Note that the software that can be used by MOBPred are not part of the current repository. Whatever program needs to be utilized, it should be downloaded from its official website and installed separately on the same machine MOBPred is set up.

Below is a list of all the programs which can be used by MOBPred.

Table of contents

Prerequisites

Before installing the MOBPred package, make sure that you have the following packages installed:

  • NumPy; version 1.4.1 or later

  • pandas; version 0.18.1 or later

  • AmberTools; version 12 or later

Any software intended to be used in conjunction with MOBPred should be installed separetely and should work as a standalone program. In addition, make sure the applications mentioned below are in your PATH, depending on which docking/scoring software will be used:

Pharmamatrix users: on the pharmamatrix cluster, the majority of the docking programs mentioned above have already been installed. Below is an example on how to set the PATH environment variable in order to use Autodock, Vina, Glide, MOE2015 and DOCK 6:

# Amber 14
export AMBERHOME=/pmshare/amber/ambertools14_ibm_gnu-20140820
PATH=$PATH:$AMBERHOME/bin

# AD and ADV
PATH=$PATH:/opt/mgltools/1.5.4:/opt/mgltools/1.5.4/MGLToolsPckgs/AutoDockTools/Utilities24
PATH=$PATH:/pmshare/vina/autodock_vina_1_1_2_linux_x86/bin
PATH=$PATH:/opt/autodock/4.2.3/bin

# Glide
export SCHRODINGER=/nfs/r720-1/preto/tools/schrodinger2015-4
PATH=$PATH:/nfs/r720-1/preto/tools/schrodinger2015-4
PATH=$PATH:/nfs/r720-1/preto/tools/schrodinger2015-4/utilities

# MOE2015
export MOE=/nfs/r720-1/preto/tools/moe2015
PATH=$PATH:/nfs/r720-1/preto/tools/moe2015/bin

# DOCK 6
PATH=$PATH:/nfs/r720-1/preto/tools/UCSF-Chimera64-1.10.2/bin
PATH=$PATH:/nfs/r720-1/preto/tools/dms
PATH=$PATH:/nfs/r720-1/preto/src/dock6/bin

export PATH

Installation

The Python Distutils are used to build and install MOBPred, so it is fairly simple to get things ready to go.
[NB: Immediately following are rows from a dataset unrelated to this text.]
Lemma pos_iff_of_nonvanishing (g : R -> R) (I : R -> Prop) :
  is_interval I -> (forall t, I t -> continuity_pt g t) -> (forall t, I t -> g t <> 0) ->
  forall t t', I t -> I t' -> (0 < g t <-> 0 < g t').
Proof.
  intros HI Hc Hnz.
  assert (Hord : forall t t', I t -> I t' -> t <= t' -> (0 < g t <-> 0 < g t')).
  { intros t t' Ht Ht' Hle.
    assert (Hsub : forall s, t <= s <= t' -> I s) by (intros s Hs; exact (HI t s t' Ht Ht' Hs)).
    pose proof (Hnz t Ht); pose proof (Hnz t' Ht'); split; intros Hpos.
    - destruct (Rlt_or_le 0 (g t')) as [|Hneg]; [assumption| exfalso].
      destruct (IVT_interv (fun s => - g s) t t') as [z [Hz Hgz]].
      + intros s Hs; apply continuity_pt_opp, Hc, Hsub, Hs.
      + destruct (Req_dec t t') as [<-|]; lra.
      + lra.
      + lra.
      + apply (Hnz z (Hsub z Hz)); lra.
    - destruct (Rlt_or_le 0 (g t)) as [|Hneg]; [assumption| exfalso].
      destruct (IVT_interv g t t') as [z [Hz Hgz]].
      + intros s Hs; apply Hc, Hsub, Hs.
      + destruct (Req_dec t t') as [<-|]; lra.
      + lra.
      + exact Hpos.
      + exact (Hnz z (Hsub z Hz) Hgz). }
  intros t t' Ht Ht'; destruct (Rle_or_lt t t').
  - now apply Hord.
  - symmetry; apply Hord; auto; lra.
Qed.

Lemma peval_continuity (env : R -> nat -> R) P :
  (forall i, continuity (fun t => env t i)) -> continuity (fun t => peval (env t) P).
Proof.
  intros H; induction P; simpl.
  - apply H.
  - apply continuity_const; now intros ? ?.
  - now apply continuity_plus.
  - now apply continuity_mult.
  - now apply continuity_opp.
Qed.

Lemma fholds_stable (env : R -> nat -> R) (I : R -> Prop) F :
  is_interval I -> (forall i, continuity (fun t => env t i)) ->
  (forall P, In P (atoms F) -> sign_stable (fun t => peval (env t) P) I) ->
  forall t t', I t -> I t' -> (fholds (env t) F <-> fholds (env t') F).
Proof.
  intros HI Henv Hst t t' Ht Ht'; apply fholds_atoms; intros P HP.
  destruct (Hst P HP) as [HZ|HZ].
  - rewrite (HZ t Ht), (HZ t' Ht'); split; tauto.
  - split; [| split; intros H0; contradict H0; auto].
    apply (pos_iff_of_nonvanishing (fun s => peval (env s) P) I); auto.
    intros s _; now apply peval_continuity.
Qed.

Lemma inM_iff x y : inM (x, y) <-> 0 < x * x + y * y.
Proof.
  unfold inM; split; intros H.
  - destruct (Req_dec x 0) as [->|]; [destruct (Req_dec y 0) as [->|]|]; [easy| nra| nra].
  - intros Heq; injection Heq as -> ->; lra.
Qed.

Lemma inM_fst x y : x <> 0 -> inM (x, y).
Proof. intros Hx; apply inM_iff; nra. Qed.

Lemma ev_bounded (f : SM) : exists B, forall p, inM p -> Rabs (ev f p) <= B.
Proof. exact (proj1 (proj2_sig f)). Qed.

Lemma ev_graph (f : SM) : exists F, forall x y z,
  fholds (env3 x y z) F <-> inM (x, y) /\ z = ev f (x, y).
Proof. exact (proj2 (proj2 (proj2_sig f))). Qed.
Lemma godel_total p q : godel_lt p q \/ p = q \/ godel_lt q p.
Proof.
  destruct (slexprod_total _ _ _ _ wo_lt_total (slexprod_total _ _ _ _ wo_lt_total wo_lt_total)
              (godel_key p) (godel_key q)) as [h|[h|h]]; auto.
  right; left. exact (f_equal snd h).
Qed.

Lemma godel_lt_le_max p q : godel_lt q p ->
  le_of (fst q) (max_of (fst p) (snd p)) /\ le_of (snd q) (max_of (fst p) (snd p)).
Proof.
  intro H.
  assert (Hm : le_of (max_of (fst q) (snd q)) (max_of (fst p) (snd p))).
  { inversion H; [left|right]; auto. }
  split; eapply wo_le_trans; [apply le_max_of_l|exact Hm|apply le_max_of_r|exact Hm].
Qed.

Theorem wo_square_injects (K : Type) :
  (forall a, exists e : W -> K, inj_on (fun x => lt x a) e) ->
  ~ injects W K -> injects (K * K) K -> injects (option K) K ->
  injects (W * W) W.
Proof.
  intros Hseg HWK HKK HoK.
  destruct (wo_injects_or_bounded (W * W) W godel_lt (fun _ => True) godel_wf godel_total)
    as [[F [_ HF]]|[x [h [Hh Hinj]]]]; [exists F; exact HF|].
  exfalso. apply HWK.
  set (m := max_of (fst x) (snd x)).
  destruct (le_segment_inj_on K m (Hseg m)) as [e He].
  apply injects_trans with (option K * option K)%type;
    [|apply injects_trans with (K * K)%type; [apply injects_prod|]; assumption].
  exists (fun y => (e (fst (h y)), e (snd (h y)))).
  intros y1 y2 E. injection E as E1 E2. apply Hinj; trivial.
  destruct (godel_lt_le_max x (h y1) (Hh y1 I)), (godel_lt_le_max x (h y2) (Hh y2 I)).
  destruct (h y1), (h y2). simpl in *. f_equal; apply He; auto.
Qed.

End WellOrder.

Section KurepaTree.

Variables (W1 : Type) (lt1 : W1 -> W1 -> Prop) (W2 : Type) (lt2 : W2 -> W2 -> Prop).
Hypothesis H1 : is_omega1 W1 lt1.
Hypothesis H2 : is_omega2 W1 W2 lt2.

Lemma omega1_two_points : exists a b : W1, a <> b.
Proof.
  apply NNPP; intro C. apply (proj2 (proj2 H1)). exists (fun _ => 0).
  intros x y _. apply NNPP; intro D. apply C. eauto.
Qed.

Lemma omega1_segment_inj_on a : exists e : W1 -> nat, inj_on (fun x => lt1 x a) e.
Proof. apply inj_on_of_injects_sig; [exact 0|]. apply H1. Qed.

Lemma omega1_square : injects (W1 * W1) W1.
Proof.
  apply (wo_square_injects W1 lt1 (proj1 H1) nat omega1_segment_inj_on).
  - apply H1.
  - exact nat_square_injects.
  - exact option_nat_injects.
Qed.

Lemma omega1_option : injects (option W1) W1.
Proof.
  destruct omega1_two_points as [a [b ab]].
  exact (option_injects_of_square W1 a b ab omega1_square).
Qed.

Lemma omega2_segment_inj_on a : exists e : W2 -> W1, inj_on (fun x => lt2 x a) e.
Proof.
  destruct omega1_two_points as [w _].
  apply inj_on_of_injects_sig; [exact w|]. apply H2.
Qed.

Lemma omega2_square : injects (W2 * W2) W2.
Proof.
  apply (wo_square_injects W2 lt2 (proj1 H2) W1 omega2_segment_inj_on).
  - apply H2.
  - exact omega1_square.
  - exact omega1_option.
Qed.

Lemma omega1_injects_omega2 : injects W1 W2.
Proof.
  pose proof H1 as [[_ [_ [tot1 wf1]]] _].
  destruct (wo_injects_or_bounded W1 W2 lt1 (fun _ => True) wf1 tot1)
    as [[F [_ HF]]|[x [h [_ Hh]]]]; [exists F; exact HF|].
  exfalso. apply (proj2 (proj2 H2)). exists h. intros a b. apply Hh; trivial.
Qed.

Lemma omega2_absorbs : injects (W2 * W2 * W1 * W1) W2.
Proof.
  pose proof omega1_injects_omega2. pose proof omega2_square.
  apply injects_trans with (W2 * W2)%type; [apply injects_prod|]; trivial.
  apply injects_trans with (W2 * W2)%type; [apply injects_prod|]; trivial.
Qed.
Following are very simple instructions on how to proceed:

  1. First, make sure that you have the NumPy and pandas modules. If not, get them from http://numpy.scipy.org/, http://pandas.pydata.org. Compile/install them.

  2. Make sure AmberTools is installed and that standard executables (e.g., sander, tleap,...) are accessible through your PATH variable. For pharmamatrix users, see section prerequisites.
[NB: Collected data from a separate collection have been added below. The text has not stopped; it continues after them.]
(* Let $0<\beta<1$, $p=\lceil\beta^{-1}\rceil-1$, and let $G$ be a graph of order $n$ with minimum degree $(1-\beta)n$. Then for all integers $2\le t<s\le p+1$ and every $S\in\mathcal{K}_s$, $$\Phi_t^s(S)\ \ge\ (1-t\beta)\frac{s!}{t!}+\big(D_-(S)-(1-s\beta)\big)\frac{(s-2)!}{(t-2)!}.$$ In particular, for $2\le t\le p$, $$\sum_{S\in\mathcal{K}_{p+1}}\Phi_t^{p+1}(S)\ \ge\ \left((1-t\beta)\frac{(p+1)!}{t!}-(1-(p+1)\beta)\frac{(p-1)!}{(t-2)!}\right)k_{p+1}.$$
   Context: All graphs are finite and simple. For a graph $G$, $\mathcal{K}_t$ is the set of $t$-cliques (identified with vertex sets), $k_t=|\mathcal{K}_t|$, and $\mathcal{K}_t(S)$ is the set of $t$-cliques contained in a clique $S$. The degree $d(T)$ of a clique $T$ is the number of cliques with one more vertex containing $T$, and $D(T)=d(T)/n$. With $p=\lceil\beta^{-1}\rceil-1$, for $T\in\mathcal{K}_t$, $1\le t\le p+1$, $D_-(T)=\min\{D(T),(p-t+1)\beta\}$. For integers $2\le t\le s\le p+1$ define $\phi_t^s:\mathcal{K}_s\to\mathbb{R}$ recursively by $\phi_t^t(S)=D_-(S)$ and $\phi_t^s(S)=\sum_{U\in\mathcal{K}_{s-1}(S)}\phi_t^{s-1}(U)$ for $s>t$; set $\varphi_t^s=(1-t\beta)\frac{s!}{t!}+((p+1)\beta-1)\frac{(s-2)!}{(t-2)!}$ and $\Phi_t^s(S)=\min\{\phi_t^s(S),\varphi_t^s\}$. *)

From HB Require Import structures.
From mathcomp Require Import all_boot all_order all_algebra.
Set Implicit Arguments. Unset Strict Implicit. Unset Printing Implicit Defensive.
Import Order.TTheory GRing.Theory Num.Theory.
Local Open Scope ring_scope.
  3. From the main MOBPred distribution directory run this command (plus any extra flags, e.g., --prefix or --user to specify the installation directory):

     python setup.py install
    

After installation, make sure that the bin folder within your installation directory is accessible via your PATH variable. It contains the executables prepvs, rundock and runanlz that are used for virtual screening preparation, docking and docking analysis, respectively.

Commands

After adding the bin folder of your installation directory to your PATH variable, the following commands can be run:

prepvs

prepvs is used to prepare the ligand structures (carried out with Schrodinger's ligprep utility) and to create folders (one folder per receptor and per ligand) intended to facilitate docking or virtual screening runs performed with rundock. When typing "prepvs -h" on the command line, the following help message will pop up:

prepvs -h
usage: prepvs [-h] [-l INPUT_FILES_L [INPUT_FILES_L ...]]
              [-r INPUT_FILES_R [INPUT_FILES_R ...]] [-f CONFIG_FILE]
              [-lpflags LPFLAGS] [-ligprep] [-site SITE] [-noprep]

Prepare files for Docking or Virtual Screening

optional arguments:
  -h, --help            show this help message and exit
  -l INPUT_FILES_L [INPUT_FILES_L ...]
                        Ligand coordinate file(s): .sdf, .smi
  -r INPUT_FILES_R [INPUT_FILES_R ...]
                        Receptor coordinate file(s): .pdb
  -f CONFIG_FILE        config file: .ini
  -lpflags LPFLAGS      Ligprep (Schrodinger) flags for ligand preparation.
                        Default: "-ph 7.0 -pht 2.0 -i 2 -s 8 -t 4"
  -ligprep              Prepare compounds using ligprep
  -site SITE            Update binding sites info in config file from file
  -noprep               No structure preparation, update directories and files
                        only (used debbuging)

rundock

rundock is used to dock a ligand to a protein structure and eventually minimize and rescore the output poses. When typing "rundock -h" on the command line, the following help message will pop up:

usage: rundock [-h] -l INPUT_FILE_L -r INPUT_FILE_R -f CONFIG_FILE
               [-q CHARGE_FILE] [-rescore_only] [-extract_only] [-d POSEDIR]
               [-norun]

rundock : dock with multiple software -------- Requires one file for the
ligand (1 struct.) and one file for the receptor (1 struct.)

optional arguments:
  -h, --help       show this help message and exit
  -l INPUT_FILE_L  Ligand coordinate file(s): .mol2
  -r INPUT_FILE_R  Receptor coordinate file(s): .pdb
  -f CONFIG_FILE   config file containing docking parameters
  -q CHARGE_FILE   File with partial charges of non-standard residues
  -rescore_only    Run rescoring only
  -extract_only    Extract structures only (usually used for debugging)
  -d POSEDIR       Directory containing poses to rescore (should be used with
                   rescore_only option)
  -norun           Do not run the scripts for docking (simply generate the
                   files)
  • Mandatory arguments

    • -l INPUT_FILE_L: .mol2 file containing the coordinates of the ligand (only one structure allowed)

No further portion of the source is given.